GhostLM v0.9 chat (81M, from-scratch cybersecurity LM)

GhostLM is a multi-rung scale-ladder cybersecurity language model trained entirely from scratch in PyTorch. v0.9 chat is the bench winner of the ghost-small (45-81M) line on every multiple-choice benchmark we evaluated. It is also where the line saturates: at 81M parameters the model has the register of cybersec writing but not the facts in any retrievable form. The next rung is ghost-base (~360M, SmolLM2-360M shape), gated on rented GPU compute.

This repo holds the slim inference checkpoint (best_model.pt, 324 MB, model + config only, optimizer state stripped).

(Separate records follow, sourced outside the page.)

Lemma enorm_le_Vfun x : ((enorm x)%:E <= V x)%E.
Proof.
apply/ereal_infP => _ [P _ <-].
exact: le_trans (enorm_le_cost _ _ (fun=> i0) _ _) (cost_le_worst _ _ _ _ _).
Qed.

Lemma Vfun_real : exists v : 'cV[R]_n -> R, forall x, V x = (v x)%:E.
Proof.
exists (fun x => fine (V x)) => x.
have := le_trans (Vfun_le_worst x P0) (P0_cost x); have := enorm_le_Vfun x.
by case: (V x).
Qed.

(* From here on [V] is accessed through an arbitrary real representative [v]:
   letting the unifier unfold [fine (V x)] is prohibitively slow. *)
Variable v : 'cV[R]_n -> R.
Hypothesis Vfun_v : forall x, V x = (v x)%:E.

Lemma enorm_le_v x : enorm x <= v x.
Proof. by rewrite -lee_fin -Vfun_v enorm_le_Vfun. Qed.

Lemma v_le x : v x <= C * enorm x.
Proof. by rewrite -lee_fin -Vfun_v (le_trans (Vfun_le_worst x P0)). Qed.

Lemma v_le_worst x P : ((v x)%:E <= worst_cost x P)%E.
Proof. by rewrite -Vfun_v Vfun_le_worst. Qed.

Lemma v_approx x e : 0 < e -> exists P, (worst_cost x P <= (v x + e)%:E)%E.
Proof.
move=> e_gt0; have [|_ [P _ <-] P_lt] :=
  lb_ereal_inf_adherent e_gt0 (S := [set worst_cost x P | P in [set: ctrl]]).
  by rewrite -VfunE Vfun_v.
by exists P; rewrite -VfunE Vfun_v -EFinD in P_lt; rewrite ltW.
Qed.

Lemma v_comb a b x y : v (a *: x + b *: y) <= `|a| * v x + `|b| * v y.
Proof.
apply/ler_addgt0Pr => e e_gt0; pose k : R := `|a| + `|b| + 1.
have k_gt0 : 0 < k by rewrite ltr_wpDl ?addr_ge0.
have ek_gt0 : 0 < e / k by rewrite divr_gt0.
have [P1 P1_le] := v_approx x ek_gt0; have [P2 P2_le] := v_approx y ek_gt0.
have comb_le := le_trans (v_le_worst (a *: x + b *: y) (ctrl_comb A B a b x y P1 P2))
  (worst_comb A B a b x y P1 P2).
have a_ge0 : (0 <= `|a|%:E)%E by rewrite lee_fin.
have b_ge0 : (0 <= `|b|%:E)%E by rewrite lee_fin.
have := leeD (lee_wpmul2l a_ge0 P1_le) (lee_wpmul2l b_ge0 P2_le).
move=> /(le_trans comb_le); rewrite -!EFinM -EFinD lee_fin => /le_trans; apply.
rewrite !mulrDr addrACA -(mulrDl `|a| `|b| (e / k)) lerD2l mulrA ler_pdivrMr //.
by rewrite [X in X <= _]mulrC ler_wpM2l ?(ltW e_gt0) // lerDl.
Qed.

Lemma v_ge0 x : 0 <= v x.
Proof. exact: le_trans (enorm_ge0 x) (enorm_le_v x). Qed.

Lemma vZ a x : v (a *: x) = `|a| * v x.
Proof.
have vZ_le b y : v (b *: y) <= `|b| * v y.
  by have := v_comb b 0 y 0; rewrite scaler0 addr0 normr0 mul0r addr0.
apply/le_anti; rewrite vZ_le /=.
have [->|a_neq0] := eqVneq a 0; first by rewrite normr0 mul0r v_ge0.
have := vZ_le a^-1 (a *: x); rewrite scalerA mulVf // scale1r normrV ?unitfE //.
by rewrite ler_pdivlMl ?normr_gt0.
Qed.

Lemma vD x y : v (x + y) <= v x + v y.
Proof. by have := v_comb 1 1 x y; rewrite !scale1r normr1 !mul1r. Qed.

Lemma v_is_norm : is_norm v.
Proof.
split=> [|x x0||]; [exact: v_ge0| |exact: vZ|exact: vD].
by apply: enorm_eq0; apply/le_anti; rewrite enorm_ge0 -x0 enorm_le_v.
Qed.

Lemma v_min_attained (c : 'cV[R]_n) (M : 'M[R]_(n, m)) :
  exists u, forall u', v (c + M *m u) <= v (c + M *m u').
Proof.
apply: affine_min_attained; first exact: dominated_seminorm_continuous C_ge0 v_le vD vZ.
by move=> x; rewrite (le_trans (mx_norm_le_enorm x)) ?enorm_le_v.
Qed.

Local Notation next i x u := (A i *m x + B i *m u).
Definition is_argmin i x u := forall u', v (next i x u) <= v (next i x u').

Lemma Vfun_next_inf i x u : is_argmin i x u ->
  ereal_inf [set V (next i x u') | u' in [set: 'cV[R]_m]] = (v (next i x u))%:E.
Proof.
move=> u_min; apply/le_anti/andP; split.
  by apply: ereal_inf_lbound; exists u => //; rewrite Vfun_v.
by apply/ereal_infP => _ [u' _ <-]; rewrite Vfun_v lee_fin u_min.
Qed.

Lemma enorm_add_argmin_le i x u : is_argmin i x u -> enorm x + v (next i x u) <= v x.
Proof.
move=> u_min; rewrite -lee_fin -Vfun_v; apply/ereal_infP => _ [P _ <-].
apply: (le_trans _ (worst_tail A B i x P)); rewrite EFinD leeD2l //.
by apply: le_trans (v_le_worst _ _); rewrite lee_fin u_min.
Qed.

Lemma v_le_enorm_add x (u : Sigma -> 'cV[R]_m) b :
  (forall i, v (next i x (u i)) <= b) -> v x <= enorm x + b.
Proof.
move=> u_le; apply/ler_addgt0Pr => e e_gt0.
have [Ps Ps_le] := choice (fun i => v_approx (next i x (u i)) e_gt0).
rewrite -lee_fin; apply: le_trans (v_le_worst x (ctrl_cons A B u Ps x)) _.
apply: ge_ereal_sup => _ [s _ <-]; rewrite cost_cons -addrA EFinD leeD2l //.
apply: le_trans (cost_le_worst _ _ _ _ _) (le_trans (Ps_le (s 0%N)) _).
by rewrite lee_fin lerD2r.
Qed.

Lemma Vfun_bellman x :
  V x = ((enorm x)%:E + \big[maxe/-oo%E]_(i : Sigma)
           ereal_inf [set V (next i x u) | u in [set: 'cV[R]_m]])%E.
Proof.
have [u u_min] := choice (fun i => v_min_attained (A i *m x) (B i)).
under eq_bigr do rewrite (Vfun_next_inf (u_min _)).
pose F i := (v (next i x (u i)))%:E.
have [j _ F_max] := @eq_bigmax _ _ Sigma -oo%E i0 xpredT F isT (fun i _ => leNye _).
rewrite F_max Vfun_v -EFinD; congr _%:E; apply/le_anti/andP; split.
  apply: v_le_enorm_add => i; rewrite -lee_fin -/(F i) -/(F j) -F_max.
  exact: le_bigmax.
exact: enorm_add_argmin_le.
Qed.

Definition decay_rate : R := 1 - (C + 1)^-1.

Lemma decay_rate_itv : 0 <= decay_rate < 1.
Proof.
have C1_ge1 : 1 <= C + 1 by rewrite lerDr.
by rewrite subr_ge0 gtrBl invr_gt0 invf_le1 ?(lt_le_trans ltr01) ?C1_ge1.
Qed.

Lemma v_le_C1 x : v x <= (C + 1) * enorm x.
Proof. by rewrite (le_trans (v_le x)) // ler_wpM2r ?enorm_ge0 ?lerDl. Qed.

Lemma v_argmin_decay i x u : is_argmin i x u -> v (next i x u) <= decay_rate * v x.
Proof.
move=> u_min; have C1_gt0 : 0 < C + 1 by rewrite ltr_wpDl.
have v_div_le : v x / (C + 1) <= enorm x by rewrite ler_pdivrMr // mulrC v_le_C1.
rewrite /decay_rate mulrBl mul1r mulrC lerBrDr.
by rewrite (le_trans _ (enorm_add_argmin_le u_min)) // addrC lerD2r.
Qed.

Lemma argmin_UES (Phi : Sigma -> 'cV[R]_n -> 'cV[R]_m) :
  (forall i x, is_argmin i x (Phi i x)) -> UES A B Phi.
Proof.
move=> Phi_min; have /andP[rate_ge0 _] := decay_rate_itv.
exists (C + 1), decay_rate; split; first by rewrite ltr_wpDl.
split=> [|x0 s k]; first exact: decay_rate_itv.
have v_cl : v (cl A B Phi s x0 k) <= decay_rate ^+ k * v x0.
  elim: k => [|k IHk] /=; first by rewrite expr0 mul1r.
  rewrite exprS -mulrA; apply: le_trans (v_argmin_decay (Phi_min _ _)) _.
  by apply: ler_wpM2l.
apply: le_trans (enorm_le_v _) (le_trans v_cl _).
rewrite [(C + 1) * _]mulrC -mulrA; apply: ler_wpM2l; last exact: v_le_C1.
exact: exprn_ge0.
Qed.

End ValueFunction.

Theorem mainTheorem6 (R : realType) (n m : nat) (Sigma : finType)
  (A : Sigma -> 'M[R]_n) (B : Sigma -> 'M[R]_(n, m))
  (HSigma : (0 < #|Sigma|)%N) :
  DFSm A B ->
  let V := Vfun A B in
  [/\ (* V is real-valued and a norm *)
      exists v : 'cV[R]_n -> R, (forall x, V x = (v x)%:E) /\ is_norm v,
      (* the minima are attained *)
      forall (i : Sigma) (x : 'cV[R]_n), exists u : 'cV[R]_m,
        forall u' : 'cV[R]_m, (V (A i *m x + B i *m u)%R <= V (A i *m x + B i *m u')%R)%E,
      (* Bellman equation *)
      forall x : 'cV[R]_n,
        V x = ((enorm x)%:E +
               \big[maxe/-oo%E]_(i : Sigma)
                  ereal_inf [set V (A i *m x + B i *m u)%R | u in [set: 'cV[R]_m]])%E &
      (* any argmin selection is stabilizing, with V as Lyapunov function *)
      forall Phi : Sigma -> 'cV[R]_n -> 'cV[R]_m,
        (forall (i : Sigma) (x : 'cV[R]_n) (u : 'cV[R]_m),
           (V (A i *m x + B i *m Phi i x)%R <= V (A i *m x + B i *m u)%R)%E) ->
        UES A B Phi /\
        exists gt : R, 0 <= gt < 1 /\
          forall (i : Sigma) (x : 'cV[R]_n),
            (V (A i *m x + B i *m Phi i x)%R <= gt%:E * V x)%E].
Proof.
move=> /DFSm_worst_cost[C [P0 [C_ge0 P0_cost]]] V; rewrite {}/V.
have /card_gt0P[i0 _] := HSigma.
have [v Vfun_v] := Vfun_real i0 P0_cost.
have argminE i x u : is_argmin A B v i x u <->
    forall u', (Vfun A B (A i *m x + B i *m u) <= Vfun A B (A i *m x + B i *m u'))%E.
  by split=> u_min u'; move: (u_min u'); rewrite !Vfun_v lee_fin.
split.
- by exists v; split=> //; exact: (v_is_norm i0 Vfun_v).
- move=> i x; have [u /argminE] := v_min_attained i0 C_ge0 P0_cost Vfun_v (A i *m x) (B i).
  by exists u.
- exact: (Vfun_bellman i0 C_ge0 P0_cost Vfun_v).
- move=> Phi Phi_min; have {}Phi_min i x : is_argmin A B v i x (Phi i x) by apply/argminE.
  split; first exact: (argmin_UES i0 C_ge0 P0_cost Vfun_v Phi_min).
  exists (decay_rate C); split=> [|i x]; first exact: decay_rate_itv.
  by rewrite !Vfun_v -EFinM lee_fin (v_argmin_decay C_ge0 P0_cost Vfun_v (Phi_min i x)).
Qed.
(* On F^+_co the second branch of [theta] never binds (it lies above [phi]), the price of
   M_j is unsaturated and both demands are nonnegative, so U_V coincides with the quadratic
   U, and F^+_co is the compact polygon cut out by p >= 0, q >= 0 and the lines L1, ..., L4.
   At a critical point with positive demands, Cramer's rule gives
   det * (p - Ci - CS) = aj Di0 + w2 Dj0, where Di0 > 0 and Dj0 >= 0 are the demands at
   cost prices (by (A.1)); the demands also force p - Ci - CS > 0, so the Hessian
   determinant det = 4 w1 w3 - w2^2 is positive and U is concave.
   For (ii), a maximiser lying on none of L1, ..., L4 satisfies one-sided first-order
   conditions; as w2, w4 > 0 and w5 >= 0 (this is where (A.2) enters) it cannot lie on
   p = 0 or q = 0, so it is a critical point with positive demands, i.e. (p*_co, q*_co),
   which would then be interior. Finally U_V >= 0 at the monopoly price of M_i, so the
   convention that the maximum over the empty set is 0 is harmless. *)

From HB Require Import structures.
From mathcomp Require Import all_boot all_order all_algebra.
From mathcomp Require Import all_classical all_reals topology normedtype.
From mathcomp Require Import ring lra derive.
Import Order.TTheory GRing.Theory Num.Theory.
Import numFieldNormedType.Exports.
Local Open Scope ring_scope.
Local Open Scope classical_set_scope.
Set Implicit Arguments. Unset Strict Implicit. Unset Printing Implicit Defensive.

Section RealFacts.
Variable R : realFieldType.
Theorem mainTheorem6 (R : realType) (J : finType) (d : nat) (H : {set {set J}})
  (sz : nat -> J -> nat) (nu : forall n (e : {set J}), Ve (sz n) e -> R) :
  (1 <= d)%N ->
  (forall e, e \in H -> #|e| = d) ->
  (forall n j, (0 < sz n j)%N) ->
  pseudorandom H nu ->
  forall M : nat, exists C : R,
    forall n (B : {set J} -> {set {set VJ (sz n)}}),
      (forall e' : {set J}, (#|e'| < d)%N ->
         [/\ sigma_algebra (B e'), (forall E, E \in B e' -> in_A e' E)
           & (#|B e'| <= M)%N]) ->
      forall (e : {set J}) (E : {set VJ (sz n)}) (f : Ve (sz n) e -> R),
        e \in H ->
        generated (\bigcup_(e' : {set J} | e' \proper e) B e') E ->
        `|avg (fun x : VJ (sz n) => (x \in E)%:R * f (proj e x))| <= C * gowers f.
Proof.
move=> d_gt0 cardH sz_gt0 _ M; exists (2 ^ (2 ^ d * M))%:R.
move=> n B B_lower e E f eH genE.
have B_proper (e' : {set J}) : e' \proper e -> [/\ sigma_algebra (B e'),
    (forall A, A \in B e' -> in_A e' A) & (#|B e'| <= M)%N].
  by move=> e'e; apply: B_lower; rewrite -(cardH e eH) proper_card.
have G_lower (A : {set VJ (sz n)}) : A \in \bigcup_(e' : {set J} | e' \proper e) B e' ->
    exists2 e' : {set J}, e' \proper e & in_A e' A.
  by case/bigcupP => e' e'e AB; exists e' => //; case: (B_proper e' e'e) => _ + _; apply.
have cardG : (#|\bigcup_(e' : {set J} | e' \proper e) B e'| <= 2 ^ d * M)%N.
  apply: leq_trans (card_bigcup_le _ _) _.
  apply: (@leq_trans (\sum_(e' : {set J} | e' \proper e) M)).
    by apply: leq_sum => e' e'e; case: (B_proper e' e'e).
  rewrite sum_nat_const leq_mul2r -(cardH e eH) -card_powerset; apply/orP; right.
  by apply: subset_leq_card; apply/subsetP => e' /proper_sub e'e; rewrite powersetE.
have [j je] : exists j, j \in e by apply/set0Pn; rewrite -card_gt0 cardH.
exact: (norm_avg_saturated_le_gowers (sz_gt0 n) _ G_lower (exist _ j je) f
  cardG (generated_saturated _ genE)).
Qed.
(* Let $K$ be an algebraically closed field, complete with respect to a non-trivial non-archimedean absolute value $|\cdot|_v$, with $\mathrm{char}(K)=0$ or $\mathrm{char}(K)>d$, and let $f\in\mathrm{Poly}_{N,d}(K)$. Then: (1) for every $D\in\mathrm{Div}^*_K(\mathbb{P}^N)$ the limit $G_{f,v}(D)=\lim_{n\to\infty}d^{-n}\lambda_v(f^n_*(D))$ exists; (2) $G_{f,v}(f_*(D))=dG_{f,v}(D)$ for all $D\in\mathrm{Div}^*_K(\mathbb{P}^N)$; (3) if $D\in\mathrm{Div}^*_K(\mathbb{P}^N)$ is preperiodic for $f$, then $G_{f,v}(D)=0$; (4) if $\lambda_v(D)>\mathcal{B}_v(f)$, then $G_{f,v}(D)=\lambda_v(D)$; (5) for every $D\in\mathrm{Div}^*_K(\mathbb{P}^N)$, $|G_{f,v}(D)-\lambda_v(D)|\le 2\mathcal{B}_v(f)$.
   Context: $N\ge1$, $d\ge2$. $\mathrm{Ind}^*(N,d)$: multi-indices $I=(I_0,\dots,I_N)$ with $\sum I_j=d$, $0<I_N<d$. $\mathrm{Poly}_{N,d}(K)$: tuples $(a_{i,I})_{0\le i<N,I\in\mathrm{Ind}^*(N,d)}$ in $K$, giving $f=[f_0:\cdots:f_N]$ with $f_i=x_i^d+\sum_Ia_{i,I}\mathbf{x}^I$ ($i<N$), $f_N=x_N^d$; $\mathcal{B}_v(f)=\log^+\max|a_{i,I}|_v^{1/I_N}$. $\mathrm{Div}^*_K(\mathbb{P}^N)$: effective divisors over $K$ defined by a form $F_D$ with $F_D(x_0,\dots,x_{N-1},0)=\prod_{i<N}x_i^{e_i}$; $\lambda_v(D)=\log^+\sup_{|\beta_0|_v=\cdots=|\beta_{N-1}|_v=1}\max\{|\beta_N|_v^{-1}:F_D(\beta)=0\}$. $f_*(D)$: push-forward divisor, defined by the Macaulay-resultant form $\mathrm{Res}(F_D,f)$, $\mathrm{Res}(F,f)(y_0,\dots,y_{N-1},1)=\mathrm{Res}_{x}(F,y_0x_N^d-f_0,\dots,y_{N-1}x_N^d-f_{N-1})$; its points are the images of points of $D$; $f(D)$ denotes its radical (reduced divisor with the same support). $D$ is preperiodic for $f$ if the sequence $f^n(D)$, $n\ge0$, takes only finitely many values. *)

From HB Require Import structures.
From mathcomp Require Import all_boot all_order all_algebra.
From mathcomp Require Import all_classical all_reals all_analysis.
From mathcomp Require mpoly.
Set Implicit Arguments. Unset Strict Implicit. Unset Printing Implicit Defensive.
Import Order.TTheory GRing.Theory Num.Theory.
Import numFieldNormedType.Exports.
Local Open Scope ring_scope.
Local Open Scope classical_set_scope.

Section Defs.
Variables (R : realType) (K : fieldType).

Definition nonarch_absval (absv : K -> R) : Prop :=
  [/\ forall x, 0 <= absv x,
      forall x, absv x = 0 <-> x = 0,
      forall x y, absv (x * y) = absv x * absv y &
      forall x y, absv (x + y) <= Num.max (absv x) (absv y)].

Definition nontrivial_absval (absv : K -> R) : Prop :=
  exists x, absv x != 0 /\ absv x != 1.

v0.9.5 update (2026-05-08): nine differentiation bets, 1,505 templated SFT records ready

The strategic frame went from "six bets, three measured" (v0.9.4) to "nine bets, all shipped, 1,505 deterministic SFT records ready for the v1.0 GPU run." The new bets answer "what would make GhostLM exceptional, beyond what general-purpose small LMs offer?"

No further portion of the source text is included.